Problem requirements - Start at the line in the entries below that contains "Definition event := (method * nat)%type.", stop at the line that contains "Reg_R0 : Register [::]", and output exactly the lines in that span, both ends included.

Extracted records -
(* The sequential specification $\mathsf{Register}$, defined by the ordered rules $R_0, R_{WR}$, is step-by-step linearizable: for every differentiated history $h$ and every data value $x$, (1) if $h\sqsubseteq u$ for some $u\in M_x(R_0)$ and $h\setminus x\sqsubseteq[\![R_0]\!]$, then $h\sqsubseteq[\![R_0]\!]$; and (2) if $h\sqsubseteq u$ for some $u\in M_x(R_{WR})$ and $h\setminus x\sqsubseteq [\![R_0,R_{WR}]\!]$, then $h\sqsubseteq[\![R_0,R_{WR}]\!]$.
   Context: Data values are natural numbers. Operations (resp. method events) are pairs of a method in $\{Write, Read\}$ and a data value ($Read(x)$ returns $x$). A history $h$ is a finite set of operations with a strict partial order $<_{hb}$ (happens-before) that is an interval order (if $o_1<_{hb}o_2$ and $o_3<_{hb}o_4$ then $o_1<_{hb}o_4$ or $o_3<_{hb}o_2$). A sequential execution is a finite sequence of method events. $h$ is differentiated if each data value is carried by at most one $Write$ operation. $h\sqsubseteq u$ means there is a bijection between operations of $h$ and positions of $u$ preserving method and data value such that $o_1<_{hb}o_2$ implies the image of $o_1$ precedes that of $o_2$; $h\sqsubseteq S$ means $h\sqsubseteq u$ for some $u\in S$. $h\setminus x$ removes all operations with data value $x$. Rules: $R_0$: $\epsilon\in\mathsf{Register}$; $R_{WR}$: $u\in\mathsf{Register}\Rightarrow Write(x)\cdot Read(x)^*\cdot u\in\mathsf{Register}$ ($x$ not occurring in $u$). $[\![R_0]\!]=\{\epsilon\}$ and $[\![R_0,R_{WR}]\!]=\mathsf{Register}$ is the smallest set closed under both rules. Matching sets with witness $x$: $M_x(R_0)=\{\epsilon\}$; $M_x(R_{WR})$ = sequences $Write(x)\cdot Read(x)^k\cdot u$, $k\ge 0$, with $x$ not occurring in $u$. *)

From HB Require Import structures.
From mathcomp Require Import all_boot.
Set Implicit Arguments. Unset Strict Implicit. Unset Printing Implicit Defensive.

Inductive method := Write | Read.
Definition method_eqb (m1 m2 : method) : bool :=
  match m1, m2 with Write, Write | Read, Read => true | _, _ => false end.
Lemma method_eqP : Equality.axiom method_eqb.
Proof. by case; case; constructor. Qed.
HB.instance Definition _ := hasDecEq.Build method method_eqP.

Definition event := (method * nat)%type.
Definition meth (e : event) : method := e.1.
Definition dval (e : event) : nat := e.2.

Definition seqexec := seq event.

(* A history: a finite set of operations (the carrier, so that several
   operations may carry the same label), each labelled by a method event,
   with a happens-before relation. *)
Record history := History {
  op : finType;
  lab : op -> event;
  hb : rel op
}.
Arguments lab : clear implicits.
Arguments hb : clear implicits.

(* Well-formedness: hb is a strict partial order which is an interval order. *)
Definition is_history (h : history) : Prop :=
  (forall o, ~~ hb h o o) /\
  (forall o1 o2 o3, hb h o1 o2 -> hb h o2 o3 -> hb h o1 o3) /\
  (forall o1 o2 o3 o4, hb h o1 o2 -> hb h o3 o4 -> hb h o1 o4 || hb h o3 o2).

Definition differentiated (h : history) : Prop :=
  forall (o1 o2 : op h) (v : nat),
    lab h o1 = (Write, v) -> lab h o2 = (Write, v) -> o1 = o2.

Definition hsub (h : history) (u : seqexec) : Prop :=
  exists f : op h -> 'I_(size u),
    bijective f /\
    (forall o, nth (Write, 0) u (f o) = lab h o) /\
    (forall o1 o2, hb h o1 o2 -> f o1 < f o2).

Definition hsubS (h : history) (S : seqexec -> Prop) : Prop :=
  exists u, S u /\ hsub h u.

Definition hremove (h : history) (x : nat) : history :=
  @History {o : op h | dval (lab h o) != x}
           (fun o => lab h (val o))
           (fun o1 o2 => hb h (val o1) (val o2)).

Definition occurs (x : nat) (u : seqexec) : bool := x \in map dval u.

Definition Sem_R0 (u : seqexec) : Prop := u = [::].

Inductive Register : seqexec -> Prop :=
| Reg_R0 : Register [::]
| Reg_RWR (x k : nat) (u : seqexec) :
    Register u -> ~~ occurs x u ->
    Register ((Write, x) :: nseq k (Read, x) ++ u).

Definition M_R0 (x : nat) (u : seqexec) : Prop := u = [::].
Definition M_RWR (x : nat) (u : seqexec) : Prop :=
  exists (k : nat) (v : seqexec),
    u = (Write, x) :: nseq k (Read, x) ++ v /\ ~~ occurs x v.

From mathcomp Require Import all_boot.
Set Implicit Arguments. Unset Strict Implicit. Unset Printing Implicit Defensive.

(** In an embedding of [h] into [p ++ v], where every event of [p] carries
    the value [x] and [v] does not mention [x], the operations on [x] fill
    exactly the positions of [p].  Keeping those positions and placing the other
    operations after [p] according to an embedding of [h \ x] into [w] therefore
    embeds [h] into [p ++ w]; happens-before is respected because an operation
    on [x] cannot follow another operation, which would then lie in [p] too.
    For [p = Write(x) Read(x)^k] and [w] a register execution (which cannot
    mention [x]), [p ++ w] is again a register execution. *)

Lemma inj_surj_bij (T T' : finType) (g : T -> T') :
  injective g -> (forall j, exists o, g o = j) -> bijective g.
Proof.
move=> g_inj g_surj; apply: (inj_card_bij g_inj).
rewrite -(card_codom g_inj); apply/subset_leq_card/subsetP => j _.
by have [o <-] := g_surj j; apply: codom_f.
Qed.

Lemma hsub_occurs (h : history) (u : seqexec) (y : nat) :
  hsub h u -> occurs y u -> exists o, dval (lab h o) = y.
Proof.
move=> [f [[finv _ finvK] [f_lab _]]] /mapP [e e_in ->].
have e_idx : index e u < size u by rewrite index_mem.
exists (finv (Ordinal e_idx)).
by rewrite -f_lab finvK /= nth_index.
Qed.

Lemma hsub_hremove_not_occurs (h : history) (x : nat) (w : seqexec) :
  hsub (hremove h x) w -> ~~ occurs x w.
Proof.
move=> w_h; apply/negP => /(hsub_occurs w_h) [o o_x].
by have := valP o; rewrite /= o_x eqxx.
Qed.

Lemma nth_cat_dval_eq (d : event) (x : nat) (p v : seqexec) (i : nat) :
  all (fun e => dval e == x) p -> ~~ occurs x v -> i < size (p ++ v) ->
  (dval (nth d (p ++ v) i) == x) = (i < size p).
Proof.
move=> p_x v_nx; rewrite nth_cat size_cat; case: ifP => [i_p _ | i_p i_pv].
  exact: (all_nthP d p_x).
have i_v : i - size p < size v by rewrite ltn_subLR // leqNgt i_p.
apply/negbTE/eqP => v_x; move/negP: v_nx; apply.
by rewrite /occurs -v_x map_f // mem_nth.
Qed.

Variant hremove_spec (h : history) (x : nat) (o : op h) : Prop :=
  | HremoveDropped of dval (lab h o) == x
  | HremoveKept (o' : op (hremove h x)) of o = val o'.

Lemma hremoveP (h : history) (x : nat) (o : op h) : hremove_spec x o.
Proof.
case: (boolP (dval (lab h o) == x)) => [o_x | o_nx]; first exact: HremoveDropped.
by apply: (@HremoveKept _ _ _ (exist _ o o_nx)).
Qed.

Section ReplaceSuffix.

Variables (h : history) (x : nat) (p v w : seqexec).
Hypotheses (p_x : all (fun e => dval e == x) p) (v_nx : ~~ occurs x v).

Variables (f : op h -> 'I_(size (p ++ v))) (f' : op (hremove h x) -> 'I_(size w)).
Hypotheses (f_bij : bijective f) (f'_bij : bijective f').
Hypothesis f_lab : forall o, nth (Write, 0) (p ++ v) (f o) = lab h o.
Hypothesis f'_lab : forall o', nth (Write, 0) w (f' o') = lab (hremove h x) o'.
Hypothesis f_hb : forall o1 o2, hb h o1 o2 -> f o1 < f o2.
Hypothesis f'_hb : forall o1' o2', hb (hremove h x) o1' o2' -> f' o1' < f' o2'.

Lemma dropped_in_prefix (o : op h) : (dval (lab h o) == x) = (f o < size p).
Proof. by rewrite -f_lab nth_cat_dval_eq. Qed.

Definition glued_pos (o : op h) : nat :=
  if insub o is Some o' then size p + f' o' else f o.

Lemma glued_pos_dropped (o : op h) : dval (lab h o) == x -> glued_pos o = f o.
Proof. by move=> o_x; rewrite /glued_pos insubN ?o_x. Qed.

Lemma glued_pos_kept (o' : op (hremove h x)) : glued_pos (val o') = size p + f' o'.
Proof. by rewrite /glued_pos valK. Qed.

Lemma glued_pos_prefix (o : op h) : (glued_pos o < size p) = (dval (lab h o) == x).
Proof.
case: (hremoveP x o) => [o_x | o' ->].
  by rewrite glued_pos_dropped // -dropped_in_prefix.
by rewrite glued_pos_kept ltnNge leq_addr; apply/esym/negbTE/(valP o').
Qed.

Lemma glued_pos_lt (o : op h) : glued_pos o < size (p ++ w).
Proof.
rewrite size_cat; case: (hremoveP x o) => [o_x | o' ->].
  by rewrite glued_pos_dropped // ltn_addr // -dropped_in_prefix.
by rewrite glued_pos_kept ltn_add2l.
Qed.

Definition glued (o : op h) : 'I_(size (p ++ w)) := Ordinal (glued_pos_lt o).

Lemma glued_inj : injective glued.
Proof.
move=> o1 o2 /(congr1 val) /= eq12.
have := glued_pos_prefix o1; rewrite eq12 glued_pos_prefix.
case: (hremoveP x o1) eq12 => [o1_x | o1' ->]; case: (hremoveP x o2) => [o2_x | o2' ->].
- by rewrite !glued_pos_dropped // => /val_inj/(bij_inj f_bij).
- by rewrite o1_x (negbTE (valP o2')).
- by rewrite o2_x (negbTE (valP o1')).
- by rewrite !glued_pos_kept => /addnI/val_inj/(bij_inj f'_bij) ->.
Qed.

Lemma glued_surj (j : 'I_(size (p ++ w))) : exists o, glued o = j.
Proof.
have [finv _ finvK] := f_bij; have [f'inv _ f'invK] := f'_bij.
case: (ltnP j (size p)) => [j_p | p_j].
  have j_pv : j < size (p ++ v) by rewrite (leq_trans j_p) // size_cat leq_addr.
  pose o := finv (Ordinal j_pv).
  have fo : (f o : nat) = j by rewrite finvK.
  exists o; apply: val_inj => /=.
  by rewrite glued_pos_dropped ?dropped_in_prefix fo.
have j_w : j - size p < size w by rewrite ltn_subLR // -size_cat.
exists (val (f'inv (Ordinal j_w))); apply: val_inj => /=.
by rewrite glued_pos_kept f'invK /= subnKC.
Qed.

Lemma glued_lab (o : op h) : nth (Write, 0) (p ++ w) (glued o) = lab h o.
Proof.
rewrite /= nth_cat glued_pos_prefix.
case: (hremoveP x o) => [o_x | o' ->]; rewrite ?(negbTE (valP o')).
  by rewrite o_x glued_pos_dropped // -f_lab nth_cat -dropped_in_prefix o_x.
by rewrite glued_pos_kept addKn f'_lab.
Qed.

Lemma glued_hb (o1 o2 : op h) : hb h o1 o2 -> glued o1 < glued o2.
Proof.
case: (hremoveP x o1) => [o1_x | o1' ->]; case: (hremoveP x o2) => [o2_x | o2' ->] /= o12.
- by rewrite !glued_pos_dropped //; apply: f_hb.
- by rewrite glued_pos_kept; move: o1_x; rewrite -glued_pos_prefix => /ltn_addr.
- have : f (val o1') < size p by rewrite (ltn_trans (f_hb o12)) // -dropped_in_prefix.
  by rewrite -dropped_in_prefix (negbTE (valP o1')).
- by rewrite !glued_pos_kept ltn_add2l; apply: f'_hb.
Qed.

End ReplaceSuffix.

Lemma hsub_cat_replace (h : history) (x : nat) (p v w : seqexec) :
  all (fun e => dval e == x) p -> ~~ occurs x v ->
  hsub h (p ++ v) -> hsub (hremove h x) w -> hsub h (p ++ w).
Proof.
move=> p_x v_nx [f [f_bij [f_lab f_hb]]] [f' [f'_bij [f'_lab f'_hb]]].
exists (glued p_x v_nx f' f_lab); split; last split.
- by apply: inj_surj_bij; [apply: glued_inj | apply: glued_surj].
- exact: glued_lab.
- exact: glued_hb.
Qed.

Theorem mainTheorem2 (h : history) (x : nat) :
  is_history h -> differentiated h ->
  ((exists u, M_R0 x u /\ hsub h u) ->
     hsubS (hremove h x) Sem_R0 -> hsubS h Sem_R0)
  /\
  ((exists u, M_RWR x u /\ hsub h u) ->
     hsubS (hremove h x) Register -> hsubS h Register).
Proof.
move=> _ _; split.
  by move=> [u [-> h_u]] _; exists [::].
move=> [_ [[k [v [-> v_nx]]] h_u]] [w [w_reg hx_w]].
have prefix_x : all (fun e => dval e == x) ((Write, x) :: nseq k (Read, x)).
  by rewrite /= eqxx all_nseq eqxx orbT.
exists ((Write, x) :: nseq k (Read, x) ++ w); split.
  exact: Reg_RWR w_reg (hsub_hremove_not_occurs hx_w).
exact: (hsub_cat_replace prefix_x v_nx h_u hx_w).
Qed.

==

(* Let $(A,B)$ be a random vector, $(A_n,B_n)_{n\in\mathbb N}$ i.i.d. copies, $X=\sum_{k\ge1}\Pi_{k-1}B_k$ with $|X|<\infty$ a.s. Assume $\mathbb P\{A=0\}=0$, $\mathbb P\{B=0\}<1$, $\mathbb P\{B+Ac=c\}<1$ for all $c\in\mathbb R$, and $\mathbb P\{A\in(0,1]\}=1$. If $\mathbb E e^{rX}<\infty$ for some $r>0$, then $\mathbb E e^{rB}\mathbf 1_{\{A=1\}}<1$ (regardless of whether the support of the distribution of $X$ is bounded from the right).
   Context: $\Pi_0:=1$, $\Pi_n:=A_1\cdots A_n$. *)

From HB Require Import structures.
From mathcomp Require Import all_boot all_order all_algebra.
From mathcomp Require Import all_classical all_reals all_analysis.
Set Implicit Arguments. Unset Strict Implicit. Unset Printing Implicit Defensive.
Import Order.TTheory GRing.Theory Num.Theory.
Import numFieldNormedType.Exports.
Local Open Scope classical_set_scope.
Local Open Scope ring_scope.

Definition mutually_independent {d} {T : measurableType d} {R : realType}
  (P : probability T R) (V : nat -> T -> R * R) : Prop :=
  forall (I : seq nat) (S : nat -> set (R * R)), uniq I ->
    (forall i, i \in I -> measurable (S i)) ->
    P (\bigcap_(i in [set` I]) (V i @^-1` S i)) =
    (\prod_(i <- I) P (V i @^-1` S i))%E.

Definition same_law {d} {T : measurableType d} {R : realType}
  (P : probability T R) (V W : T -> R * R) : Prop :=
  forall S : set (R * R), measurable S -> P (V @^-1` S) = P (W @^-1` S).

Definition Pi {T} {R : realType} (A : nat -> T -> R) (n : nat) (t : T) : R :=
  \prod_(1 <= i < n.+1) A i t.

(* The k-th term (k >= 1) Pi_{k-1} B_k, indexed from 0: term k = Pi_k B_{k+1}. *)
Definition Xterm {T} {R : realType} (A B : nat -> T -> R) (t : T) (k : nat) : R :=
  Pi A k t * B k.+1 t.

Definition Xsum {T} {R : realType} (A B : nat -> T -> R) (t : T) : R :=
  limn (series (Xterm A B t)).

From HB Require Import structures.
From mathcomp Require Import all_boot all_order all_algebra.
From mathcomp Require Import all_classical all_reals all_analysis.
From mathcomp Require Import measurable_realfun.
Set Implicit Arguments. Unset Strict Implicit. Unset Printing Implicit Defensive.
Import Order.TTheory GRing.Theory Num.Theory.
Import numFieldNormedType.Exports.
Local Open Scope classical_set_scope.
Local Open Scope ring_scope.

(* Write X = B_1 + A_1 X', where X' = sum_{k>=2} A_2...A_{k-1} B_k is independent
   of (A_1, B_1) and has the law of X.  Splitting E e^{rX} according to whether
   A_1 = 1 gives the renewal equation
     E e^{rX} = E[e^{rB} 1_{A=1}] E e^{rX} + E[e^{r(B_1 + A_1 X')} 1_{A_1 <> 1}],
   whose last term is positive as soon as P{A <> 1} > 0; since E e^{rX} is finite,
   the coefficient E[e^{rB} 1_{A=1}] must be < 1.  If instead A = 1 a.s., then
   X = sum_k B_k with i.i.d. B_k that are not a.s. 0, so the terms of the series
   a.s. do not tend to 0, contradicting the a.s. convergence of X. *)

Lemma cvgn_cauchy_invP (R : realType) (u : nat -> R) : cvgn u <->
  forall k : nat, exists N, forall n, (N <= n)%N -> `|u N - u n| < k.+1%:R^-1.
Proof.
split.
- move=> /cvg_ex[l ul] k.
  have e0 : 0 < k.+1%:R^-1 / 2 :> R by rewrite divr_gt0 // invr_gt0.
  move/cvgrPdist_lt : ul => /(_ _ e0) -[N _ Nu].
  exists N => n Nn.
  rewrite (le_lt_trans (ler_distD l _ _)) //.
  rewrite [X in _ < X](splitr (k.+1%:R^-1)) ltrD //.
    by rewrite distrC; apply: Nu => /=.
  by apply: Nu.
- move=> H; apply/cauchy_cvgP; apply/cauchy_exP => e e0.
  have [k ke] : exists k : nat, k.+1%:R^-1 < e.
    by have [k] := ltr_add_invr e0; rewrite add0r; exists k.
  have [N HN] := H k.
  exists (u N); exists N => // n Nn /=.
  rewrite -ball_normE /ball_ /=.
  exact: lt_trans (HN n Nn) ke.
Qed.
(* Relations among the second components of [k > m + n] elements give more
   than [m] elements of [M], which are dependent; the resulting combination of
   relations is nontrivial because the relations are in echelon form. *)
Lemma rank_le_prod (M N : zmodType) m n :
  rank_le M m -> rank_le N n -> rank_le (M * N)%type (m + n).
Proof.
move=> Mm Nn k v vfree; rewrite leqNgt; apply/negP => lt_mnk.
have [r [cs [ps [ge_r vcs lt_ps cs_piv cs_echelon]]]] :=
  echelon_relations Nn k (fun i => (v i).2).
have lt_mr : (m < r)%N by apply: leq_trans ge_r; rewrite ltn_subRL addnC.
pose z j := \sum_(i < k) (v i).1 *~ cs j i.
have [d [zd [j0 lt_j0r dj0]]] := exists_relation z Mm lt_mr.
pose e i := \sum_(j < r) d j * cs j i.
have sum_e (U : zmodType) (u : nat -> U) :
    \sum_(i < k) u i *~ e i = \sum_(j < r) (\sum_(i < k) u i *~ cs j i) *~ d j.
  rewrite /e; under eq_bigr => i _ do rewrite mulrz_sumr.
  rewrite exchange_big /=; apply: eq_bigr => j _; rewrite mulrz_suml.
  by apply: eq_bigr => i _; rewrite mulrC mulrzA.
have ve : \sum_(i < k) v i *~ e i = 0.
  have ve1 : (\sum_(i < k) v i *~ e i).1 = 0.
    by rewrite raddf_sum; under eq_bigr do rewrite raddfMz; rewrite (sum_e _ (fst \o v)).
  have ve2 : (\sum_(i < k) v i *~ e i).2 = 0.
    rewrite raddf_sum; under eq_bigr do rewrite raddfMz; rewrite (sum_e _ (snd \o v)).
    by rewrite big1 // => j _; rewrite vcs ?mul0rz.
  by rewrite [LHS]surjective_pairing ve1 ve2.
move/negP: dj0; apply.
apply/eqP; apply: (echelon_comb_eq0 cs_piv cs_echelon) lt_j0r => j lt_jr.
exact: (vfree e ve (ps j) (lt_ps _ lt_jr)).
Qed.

...

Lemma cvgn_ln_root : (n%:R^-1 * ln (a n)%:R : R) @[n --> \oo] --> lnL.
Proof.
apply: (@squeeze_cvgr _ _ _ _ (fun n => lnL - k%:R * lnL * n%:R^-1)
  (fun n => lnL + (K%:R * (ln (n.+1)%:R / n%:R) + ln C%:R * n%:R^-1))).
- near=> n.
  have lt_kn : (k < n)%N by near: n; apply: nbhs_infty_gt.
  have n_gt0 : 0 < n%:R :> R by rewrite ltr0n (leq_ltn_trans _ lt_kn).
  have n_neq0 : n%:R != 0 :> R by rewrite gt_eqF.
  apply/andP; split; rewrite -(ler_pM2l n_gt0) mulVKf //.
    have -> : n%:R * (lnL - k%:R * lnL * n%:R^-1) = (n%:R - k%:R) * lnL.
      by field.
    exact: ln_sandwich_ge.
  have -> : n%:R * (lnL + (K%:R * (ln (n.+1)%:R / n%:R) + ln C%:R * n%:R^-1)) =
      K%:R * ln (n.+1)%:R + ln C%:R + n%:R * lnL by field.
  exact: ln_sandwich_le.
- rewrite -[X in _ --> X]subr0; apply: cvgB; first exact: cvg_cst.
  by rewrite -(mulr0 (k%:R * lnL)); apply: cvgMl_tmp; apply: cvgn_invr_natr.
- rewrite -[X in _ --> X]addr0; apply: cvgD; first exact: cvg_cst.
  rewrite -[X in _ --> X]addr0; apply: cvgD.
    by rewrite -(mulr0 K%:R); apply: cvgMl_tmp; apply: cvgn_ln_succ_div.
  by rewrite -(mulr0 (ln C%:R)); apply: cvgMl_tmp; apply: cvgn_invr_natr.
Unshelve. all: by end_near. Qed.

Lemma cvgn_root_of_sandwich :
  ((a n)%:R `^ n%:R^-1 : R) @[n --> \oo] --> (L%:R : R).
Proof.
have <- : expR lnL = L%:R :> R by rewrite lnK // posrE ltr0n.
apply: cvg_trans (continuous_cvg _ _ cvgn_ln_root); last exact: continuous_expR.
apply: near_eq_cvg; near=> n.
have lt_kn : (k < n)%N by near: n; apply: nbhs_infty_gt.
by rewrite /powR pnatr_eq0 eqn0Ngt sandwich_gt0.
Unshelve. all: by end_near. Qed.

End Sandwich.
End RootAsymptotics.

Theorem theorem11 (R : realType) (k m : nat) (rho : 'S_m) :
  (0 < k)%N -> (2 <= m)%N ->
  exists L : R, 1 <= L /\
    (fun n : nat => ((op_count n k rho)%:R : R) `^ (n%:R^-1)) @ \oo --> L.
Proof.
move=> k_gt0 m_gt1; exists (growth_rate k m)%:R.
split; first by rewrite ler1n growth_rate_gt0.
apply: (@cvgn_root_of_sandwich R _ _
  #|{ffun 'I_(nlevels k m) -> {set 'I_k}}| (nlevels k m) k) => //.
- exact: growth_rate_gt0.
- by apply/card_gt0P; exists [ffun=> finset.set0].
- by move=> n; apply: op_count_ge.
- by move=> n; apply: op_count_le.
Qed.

Answer area -
Definition event := (method * nat)%type.
Definition meth (e : event) : method := e.1.
Definition dval (e : event) : nat := e.2.

Definition seqexec := seq event.

(* A history: a finite set of operations (the carrier, so that several
   operations may carry the same label), each labelled by a method event,
   with a happens-before relation. *)
Record history := History {
  op : finType;
  lab : op -> event;
  hb : rel op
}.
Arguments lab : clear implicits.
Arguments hb : clear implicits.

(* Well-formedness: hb is a strict partial order which is an interval order. *)
Definition is_history (h : history) : Prop :=
  (forall o, ~~ hb h o o) /\
  (forall o1 o2 o3, hb h o1 o2 -> hb h o2 o3 -> hb h o1 o3) /\
  (forall o1 o2 o3 o4, hb h o1 o2 -> hb h o3 o4 -> hb h o1 o4 || hb h o3 o2).

Definition differentiated (h : history) : Prop :=
  forall (o1 o2 : op h) (v : nat),
    lab h o1 = (Write, v) -> lab h o2 = (Write, v) -> o1 = o2.

Definition hsub (h : history) (u : seqexec) : Prop :=
  exists f : op h -> 'I_(size u),
    bijective f /\
    (forall o, nth (Write, 0) u (f o) = lab h o) /\
    (forall o1 o2, hb h o1 o2 -> f o1 < f o2).

Definition hsubS (h : history) (S : seqexec -> Prop) : Prop :=
  exists u, S u /\ hsub h u.

Definition hremove (h : history) (x : nat) : history :=
  @History {o : op h | dval (lab h o) != x}
           (fun o => lab h (val o))
           (fun o1 o2 => hb h (val o1) (val o2)).

Definition occurs (x : nat) (u : seqexec) : bool := x \in map dval u.

Definition Sem_R0 (u : seqexec) : Prop := u = [::].

Inductive Register : seqexec -> Prop :=
| Reg_R0 : Register [::]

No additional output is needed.